Вот. Я запустил музыкальный анонс следующей передачи, и на этом все закончилось; не великая передача, но и не плохая. Рекламная агентесса Дэвида Бергстрома уже утащила его на следующую встречу. Я снял наушники, вышел из студии – из мягкой тишины и равномерного освещения, – обменялся многострадальным взглядом с продюсером-вундеркиндом, принял несколько факсов и электронных писем и вышел в фойе. Это удобное помещение в стиле аэропортовых залов ожидания. Диваны обиты дешевой, но прочной материей, на стене висит моя фотография, снятая со здоровой стороны, внизу значится мое имя, а в углу – логотип радиостанции, более крупным шрифтом, чем имя.

В фойе постоянно торчат два-три человека, ожидающих бог знает кого. Несмотря на фотографию, а может, именно благодаря фотографии они меня не узнают. В этом прелесть радио. Однако мое внимание привлекла женщина, которая смотрела на меня с особым любопытством. Женщина встала и направилась ко мне. Секретарша показала, что эта посетительница ожидает меня, и вдруг я понял, кто она: человек из далекого прошлого, Никола.

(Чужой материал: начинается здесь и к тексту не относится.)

(* Let $f\colon\{0,\dots,n\}\to\mathbb{Z}$ be $\Delta_f$-near concave and $g\colon\{0,\dots,m\}\to\mathbb{Z}$ be $\Delta_g$-near concave. Then the max-plus convolution $h\colon\{0,\dots,n+m\}\to\mathbb{Z}$, $h(k)=\max_{i+j=k}f(i)+g(j)$, is $\max\{\Delta_f,\Delta_g\}$-near concave.
   Context: A function $F\colon\{0,\dots,n\}\to\mathbb{Q}$ is convex if $F(i)-F(i-1)\le F(i+1)-F(i)$ for all $1\le i\le n-1$, and concave if $-F$ is convex. For $\Delta\ge 0$, $f\colon\{0,\dots,n\}\to\mathbb{Z}$ is $\Delta$-near concave if there is a concave $\hat f\colon\{0,\dots,n\}\to\mathbb{Q}$ with $\hat f(i)-\Delta\le f(i)\le \hat f(i)$ for all $i$. *)

From mathcomp Require Import all_boot all_order all_algebra.
Set Implicit Arguments. Unset Strict Implicit. Unset Printing Implicit Defensive.
Import Order.TTheory GRing.Theory Num.Theory.
Local Open Scope ring_scope.

(* Functions on {0,...,n} are modelled as total functions nat -> _ whose
   values outside {0,...,n} are irrelevant. *)

Definition concave_on (n : nat) (F : nat -> rat) : Prop :=
  forall i : nat, (1 <= i)%N -> (i + 1 <= n)%N ->
    F (i + 1)%N - F i <= F i - F (i - 1)%N.

Definition near_concave (n : nat) (Delta : rat) (f : nat -> int) : Prop :=
  exists fh : nat -> rat, concave_on n fh /\
    forall i : nat, (i <= n)%N -> fh i - Delta <= (f i)%:~R <= fh i.

(* The big max is seeded with the admissible term
   i = minn k n, so it equals the true maximum whenever k <= n+m. *)
Definition maxplus_conv (n m : nat) (f g : nat -> int) (k : nat) : int :=
  \big[Num.max/ f (minn k n) + g (k - minn k n)%N]_(i < k.+1 | (i <= n)%N && (k - i <= m)%N)
     (f i + g (k - i)%N).

From mathcomp Require Import all_boot all_order all_algebra.
From mathcomp Require Import lra zify.
Import Order.TTheory GRing.Theory Num.Theory.

Local Open Scope ring_scope.

(* The given concave majorants of f and g are replaced by the least ones, the upper
   concave hulls F and G.  A hull is tight: at every point it either touches the
   function or is affine there.  Tightness makes the hull minimal among concave
   majorants (a discrete maximum principle), so F - Df <= f <= F and G - Dg <= g <= G.
   The max-plus convolution H of F and G is concave, because a concave sequence only
   grows when two arguments are moved towards each other with fixed sum.  Finally,
   let i be the LAST index realising H k = F i + G (k - i).  If neither F nor G were
   tight at i and k - i, both would be affine there with equal slopes, and i + 1 would
   realise H k as well.  So H k <= h k + Dg or H k <= h k + Df, while h <= H is clear.

   The hull is built one point at a time: the hull on {0..n} is continued by the
   least steep line through (n+1, f (n+1)) lying above it (Andrew's chain). *)

Lemma concave_onE n (C : nat -> rat) :
  concave_on n C <-> forall i, (0 < i < n)%N -> C i.+1 - C i <= C i - C i.-1.
Proof.
split=> [hC i /andP[i_gt0 i_lt_n] | hC i i_ge1 i_le_n].
  by have := hC i i_gt0 ltac:(lia); rewrite addn1 subn1.
by rewrite addn1 subn1; apply: hC; lia.
Qed.

Section ConcaveIncrements.
Variables (n : nat) (C : nat -> rat).
Hypothesis concC : concave_on n C.

Lemma concave_increment_le x y : (x <= y)%N -> (y < n)%N ->
  C y.+1 - C y <= C x.+1 - C x.
Proof.
move=> le_xy; rewrite -(subnKC le_xy).
elim: (y - x)%N => [|d IHd] lt_dn; first by rewrite addn0.
apply: le_trans (IHd ltac:(lia)).
by rewrite addnS; apply: (concave_onE n C).1 => //; lia.
Qed.

Lemma concave_diff_le x y d : (x <= y)%N -> (y + d <= n)%N ->
  C (y + d)%N - C y <= C (x + d)%N - C x.
Proof.
move=> le_xy le_n; elim: d le_n => [|d IHd] le_n; first by rewrite !addn0 !subrr.
have := IHd ltac:(lia); have := concave_increment_le (x + d) (y + d) ltac:(lia) ltac:(lia).
rewrite !addnS; lra.
Qed.

Lemma concave_pair_le x y u v : (x <= n)%N -> (y <= n)%N ->
  (minn x y <= u <= maxn x y)%N -> (u + v = x + y)%N ->
  C x + C y <= C u + C v.
Proof.
move=> xn yn u_mid uv.
wlog le_xy : x y xn yn u_mid uv / (x <= y)%N => [hwlog|].
  have [/hwlog|/ltnW le_yx] := leqP x y; first exact.
  rewrite addrC; apply: hwlog => //; first by rewrite minnC maxnC.
  by rewrite [(y + x)%N]addnC.
move: u_mid; rewrite (minn_idPl le_xy) (maxn_idPr le_xy) => /andP[xu uy].
have := concave_diff_le x v (u - x) ltac:(lia) ltac:(lia).
have -> : (v + (u - x))%N = y by lia.
have -> : (x + (u - x))%N = u by lia.
lra.
Qed.

End ConcaveIncrements.

Lemma last_maximizer {R : realDomainType} (phi : nat -> R) {lo hi : nat} : (lo <= hi)%N ->
  exists a, [/\ (lo <= a <= hi)%N,
    forall t, (lo <= t <= hi)%N -> phi t <= phi a &
    forall t, (a < t <= hi)%N -> phi t < phi a].
Proof.
move=> le_lohi; rewrite -(subnKC le_lohi).
elim: (hi - lo)%N => [|d [a [a_in a_max a_last]]].
  exists lo; rewrite addn0; split=> [|t t_in|t t_in]; [lia | | lia].
  by have -> : t = lo by lia.
have [le_phi|lt_phi] := leP (phi a) (phi (lo + d.+1)%N).
  exists (lo + d.+1)%N; split; [lia | | lia].
  move=> t /andP[t_ge t_le]; have [t_eq|t_lt] := eqVneq t (lo + d.+1)%N; first by rewrite t_eq.
  by apply: le_trans le_phi; apply: a_max; lia.
exists a; split; [lia | |].
  move=> t /andP[t_ge t_le]; have [t_eq|t_lt] := eqVneq t (lo + d.+1)%N; first by rewrite t_eq ltW.
  by apply: a_max; lia.
move=> t /andP[a_lt t_le]; have [t_eq|t_lt] := eqVneq t (lo + d.+1)%N; first by rewrite t_eq.
by apply: a_last; lia.
Qed.

Definition tight_on (n : nat) (f E : nat -> rat) : Prop :=
  forall i, (i <= n)%N -> E i = f i \/ (0 < i < n)%N /\ E i.+1 - E i = E i - E i.-1.

(* A tight function lies below every concave majorant C of f: at the last
   maximizer of E - C the gap is nonpositive, since E touches f there or else
   E - C would be convex around it and not decrease afterwards. *)
Lemma tight_le_concave n (f E C : nat -> rat) :
  concave_on n C -> (forall i, (i <= n)%N -> f i <= C i) -> tight_on n f E ->
  forall i, (i <= n)%N -> E i <= C i.
Proof.
move=> concC f_le_C tightE.
have [a [/andP[_ a_le_n] a_max a_last]] := last_maximizer (fun t => E t - C t) (leq0n n).
suff gap_le0 : E a - C a <= 0 by move=> i i_le_n; have := a_max i ltac:(lia); lra.
case: (tightE a a_le_n) => [-> | [a_inner affine_a]]; first by rewrite subr_le0 f_le_C.
have := a_last a.+1 ltac:(lia); have := a_max a.-1 ltac:(lia).
have := (concave_onE n C).1 concC a a_inner; lra.
Qed.

Section HullStep.
Variables (n : nat) (f E : nat -> rat).
Hypotheses (concE : concave_on n E) (f_le_E : forall i, (i <= n)%N -> f i <= E i).
Hypothesis tightE : tight_on n f E.

(* Among the lines through (n+1, f (n+1)), the one of least slope from a point of E
   stays above E on {0..n} and touches it at some a. *)
Lemma supporting_line : exists a s, [/\ (a <= n)%N,
  forall t, (t <= n)%N -> E t + (n.+1 - t)%:R * s <= f n.+1 &
  E a + (n.+1 - a)%:R * s = f n.+1].
Proof.
pose slope t := (f n.+1 - E t) / (n.+1 - t)%:R.
have slopeE t : (t <= n)%N -> (n.+1 - t)%:R * slope t = f n.+1 - E t.
  by move=> t_le_n; rewrite mulrC divfK // pnatr_eq0; lia.
have [a [/andP[_ a_le_n] a_min _]] := last_maximizer (fun t => - slope t) (leq0n n).
exists a, (slope a); split; [exact: a_le_n | | by rewrite slopeE // addrC subrK].
move=> t t_le_n; rewrite -lerBrDl -slopeE //.
by apply: ler_wpM2l => //; rewrite -lerN2; apply: a_min; lia.
Qed.

Section Extension.
Variables (a : nat) (s : rat).
Hypotheses (a_le_n : (a <= n)%N)
  (E_below : forall t, (t <= n)%N -> E t + (n.+1 - t)%:R * s <= f n.+1)
  (E_touch : E a + (n.+1 - a)%:R * s = f n.+1).

Let line t := f n.+1 - (n.+1 - t)%:R * s.
Let E' t := if (t <= a)%N then E t else line t.

Lemma line_step t : (t <= n)%N -> line t.+1 = line t + s.
Proof.
move=> t_le_n; rewrite /line (_ : (n.+1 - t = (n.+1 - t.+1).+1)%N); last by lia.
by rewrite -natr1; lra.
Qed.

Lemma line_last : line n.+1 = f n.+1.
Proof. by rewrite /line subnn mul0r subr0. Qed.

Lemma extension_line t : (a <= t)%N -> E' t = line t.
Proof.
move=> a_le_t; rewrite /E' /line; case: (leqP t a) => [t_le_a | //].
have -> : t = a by lia.
by rewrite -E_touch addrK.
Qed.

Lemma extension_step t : (a <= t <= n)%N -> E' t.+1 = E' t + s.
Proof. by move=> /andP[a_le_t t_le_n]; rewrite !extension_line ?line_step //; lia. Qed.

Lemma slope_below_left : (0 < a)%N -> s <= E a - E a.-1.
Proof.
move=> a_gt0; have := E_below a.-1 ltac:(lia); move: E_touch.
rewrite (_ : (n.+1 - a.-1 = (n.+1 - a).+1)%N); last by lia.
by rewrite -natr1; lra.
Qed.

Lemma extension_above t : (t <= n.+1)%N -> f t <= E' t.
Proof.
move=> t_le; have [t_le_a | a_lt_t] := leqP t a.
  by rewrite /E' t_le_a; apply: f_le_E; lia.
rewrite extension_line; last by lia.
have [t_le_n | t_gt_n] := leqP t n.
  by have := E_below t t_le_n; have := f_le_E t t_le_n; rewrite /line; lra.
have -> : t = n.+1 by lia.
by rewrite line_last.
Qed.

Lemma extension_affine_right i : (a < i <= n)%N -> E' i.+1 - E' i = E' i - E' i.-1.
Proof.
move=> /andP[a_lt_i i_le_n].
have := extension_step i.-1 ltac:(lia); rewrite (ltn_predK a_lt_i).
by have := extension_step i ltac:(lia); lra.
Qed.

(* E' is concave: at the contact point the slope can only drop to s. *)
Lemma extension_concave : concave_on n.+1 E'.
Proof.
apply/concave_onE => i /andP[i_gt0 i_lt].
have [i_lt_a | a_le_i] := ltnP i a.
  rewrite /E' !ifT; try lia.
  by apply: (concave_onE n E).1; rewrite ?i_gt0 //; lia.
have [a_lt_i | i_eq_a] := ltnP a i.
  by rewrite extension_affine_right ?lexx //; lia.
have -> : i = a by lia.
rewrite extension_step; last by lia.
rewrite /E' leqnn ifT; last by lia.
by have := slope_below_left ltac:(lia); lra.
Qed.
(* The connected twin-free bipartite graphs of order $2k$ for which $i_{\max}(G)=k+1$ are in one-to-one correspondence with $k\times k$ binary matrices satisfying the following conditions: there is an all-$1$ row and an all-$1$ column; all columns are distinct, and all rows are distinct; the union (bitwise maximum) of any two rows is a row of the matrix itself.
   Context: $i_{\max}(G)$ denotes the number of maximal independent sets of $G$. A graph is twin-free if no two vertices have the same open neighbourhood. The correspondence is via the reduced (bipartite) adjacency matrix. *)

From mathcomp Require Import all_boot all_algebra.
Set Implicit Arguments. Unset Strict Implicit. Unset Printing Implicit Defensive.

Definition simple_graph (T : finType) (e : rel T) : Prop :=
  symmetric e /\ irreflexive e.

Definition independent (T : finType) (e : rel T) (S : {set T}) : bool :=
  [forall x in S, forall y in S, ~~ e x y].

Definition imax (T : finType) (e : rel T) : nat :=
  #|[set S : {set T} | maxset (independent e) S]|.

Definition connected_graph (T : finType) (e : rel T) : Prop :=
  forall x y : T, connect e x y.

Definition twin_free (T : finType) (e : rel T) : Prop :=
  forall x y : T, [set z | e x z] = [set z | e y z] -> x = y.

Definition bipartite (T : finType) (e : rel T) : Prop :=
  exists c : T -> bool, forall x y, e x y -> c x != c y.

(* The bipartite graph with reduced adjacency matrix M: vertices inl i (rows)
   and inr j (columns), inl i ~ inr j iff M i j. *)
Definition bip_rel (k : nat) (M : 'M[bool]_k) : rel ('I_k + 'I_k) :=
  fun u v => match u, v with
             | inl i, inr j => M i j
             | inr j, inl i => M i j
             | _, _ => false
             end.

Definition good_matrix (k : nat) (M : 'M[bool]_k) : Prop :=
  [/\ (exists i, forall j, M i j),
      (exists j, forall i, M i j),
      (forall j1 j2, (forall i, M i j1 = M i j2) -> j1 = j2),
      (forall i1 i2, (forall j, M i1 j = M i2 j) -> i1 = i2)
    & (forall i1 i2, exists i3, forall j, M i3 j = M i1 j || M i2 j)].

From mathcomp Require Import all_boot all_algebra.
From mathcomp Require Import zify.
Set Implicit Arguments. Unset Strict Implicit. Unset Printing Implicit Defensive.

(* For a bipartite graph with sides A and B, a maximal independent set S is
   determined by Z = N(S ∩ A): its part in B is B \ Z and its part in A is
   A \ N(B \ Z); conversely every N(X) with X ⊆ A arises in this way.  Hence
   i_max(G) counts the distinct neighbourhoods N(X), X ⊆ A.  In a twin-free
   graph without isolated vertices, ∅ and the N(a), a ∈ A, are |A| + 1 distinct
   such sets, so i_max(G) ≥ max(|A|, |B|) + 1 ≥ k + 1 when |A| + |B| = 2k.
   Equality forces |A| = |B| = k and makes every N(X) with X ≠ ∅ a single
   neighbourhood N(a): the rows of the reduced adjacency matrix are closed under
   union, and N(A) = B, N(B) = A give a full row and a full column.  Conversely,
   union-closed rows leave only ∅ and the k rows as neighbourhoods. *)

Section Neighbourhoods.

Variables (T : finType) (e : rel T).

Definition nbh (X : {set T}) : {set T} := \bigcup_(x in X) [set y | e x y].

Lemma nbhP (X : {set T}) y : reflect (exists2 x, x \in X & e x y) (y \in nbh X).
Proof.
by apply: (iffP bigcupP) => -[x xX]; rewrite ?inE => exy; exists x; rewrite ?inE.
Qed.

Lemma nbhS (X Y : {set T}) : X \subset Y -> nbh X \subset nbh Y.
Proof.
move=> /subsetP sXY; apply/subsetP => y /nbhP [x xX exy].
by apply/nbhP; exists x; first exact: sXY.
Qed.

Lemma nbhU (X Y : {set T}) : nbh (X :|: Y) = nbh X :|: nbh Y.
Proof. exact: bigcup_setU. Qed.

Lemma nbh1 a : nbh [set a] = [set y | e a y].
Proof. exact: big_set1. Qed.

Hypotheses (e_sym : symmetric e) (e_irr : irreflexive e).

Lemma maxset_independentP S : reflect (S = ~: nbh S) (maxset (independent e) S).
Proof.
have indepP (X : {set T}) : reflect {in X &, forall x y, ~~ e x y} (independent e X).
  apply: (iffP forall_inP) => [iX x y xX | iX x xX]; last by apply/forall_inP => y; apply: iX.
  exact: (forall_inP (iX x xX)).
have outside_nbh (X : {set T}) v : v \in X -> independent e X -> v \notin nbh X.
  by move=> vX /indepP iX; apply/nbhP => -[x xX]; apply/negP; exact: iX.
apply: (iffP maxsetP) => [[iS maxS] | defS].
  apply/setP => v; rewrite inE; apply/idP/idP => [vS | vN]; first exact: outside_nbh.
  rewrite -(maxS (v |: S)) ?setU11 ?subsetUr //; apply/indepP.
  have nbh_v x : x \in S -> ~~ e x v.
    by move=> xS; apply: contra vN => exv; apply/nbhP; exists x.
  move=> x y /setU1P[-> | xS] /setU1P[-> | yS]; rewrite ?e_irr ?nbh_v //.
    by rewrite e_sym nbh_v.
  exact: (indepP _ iS).
have iS : independent e S.
  apply/indepP => x y xS yS; apply: contraL yS => exy.
  by rewrite defS inE negbK; apply/nbhP; exists x.
split=> // S' iS' sSS'; apply/eqP; rewrite eqEsubset sSS' andbT; apply/subsetP => v vS'.
rewrite defS inE; apply/negP => /nbhP [s sS esv].
by have := indepP _ iS' s v (subsetP sSS' s sS) vS'; rewrite esv.
Qed.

Я не видел ее очень, очень давно. Не было никаких поводов для встреч. Именно это я имел в виду, когда говорил, что рисунок жизни стал менее странным. Жизнь входит в колею, и тебе попадаются только одни и те же немногочисленные лица. И внезапно понимаешь, что кое-кого из своих “добрых друзей” ты не видел почти десять лет, и почему-то это не имеет никакого значения. У тебя всё – так же, и у них всё – так же, да и что может поменяться за какие-то десять лет? Давайте посмотрим правде в глаза: мы с Николой никогда не были “добрыми друзьями”, и все же я обрадовался ей. Годы милостиво обошлись с Николой. Придали ей изящества, покрыли патиной элегантности. Передо мной стояла красивая женщина вполне определенного возраста, среднего возраста, моего возраста. У Николы был холеный, деловой вид, в руке она держала портфель. Одежда дорогая, все продумано до мелочей. Я решил, что она отлично выглядит – даже лучше, чем раньше.

– Никола. Потрясающе.

– Здравствуй, Майк. Занят?

– Не больше обычного.

– Мы можем поговорить? Это важно.

– И нет времени на обмен любезностями?

– Прости, время на обмен любезностями есть. Просто немного волнуюсь. Я боялась, что ты не захочешь со мной разговаривать.

– Ну почему же?

– Ты знаешь… из-за всего.

– Я с удовольствием с тобой поговорю.

– Я остановилась в отеле за углом. Там есть бар. Мы могли бы поговорить там.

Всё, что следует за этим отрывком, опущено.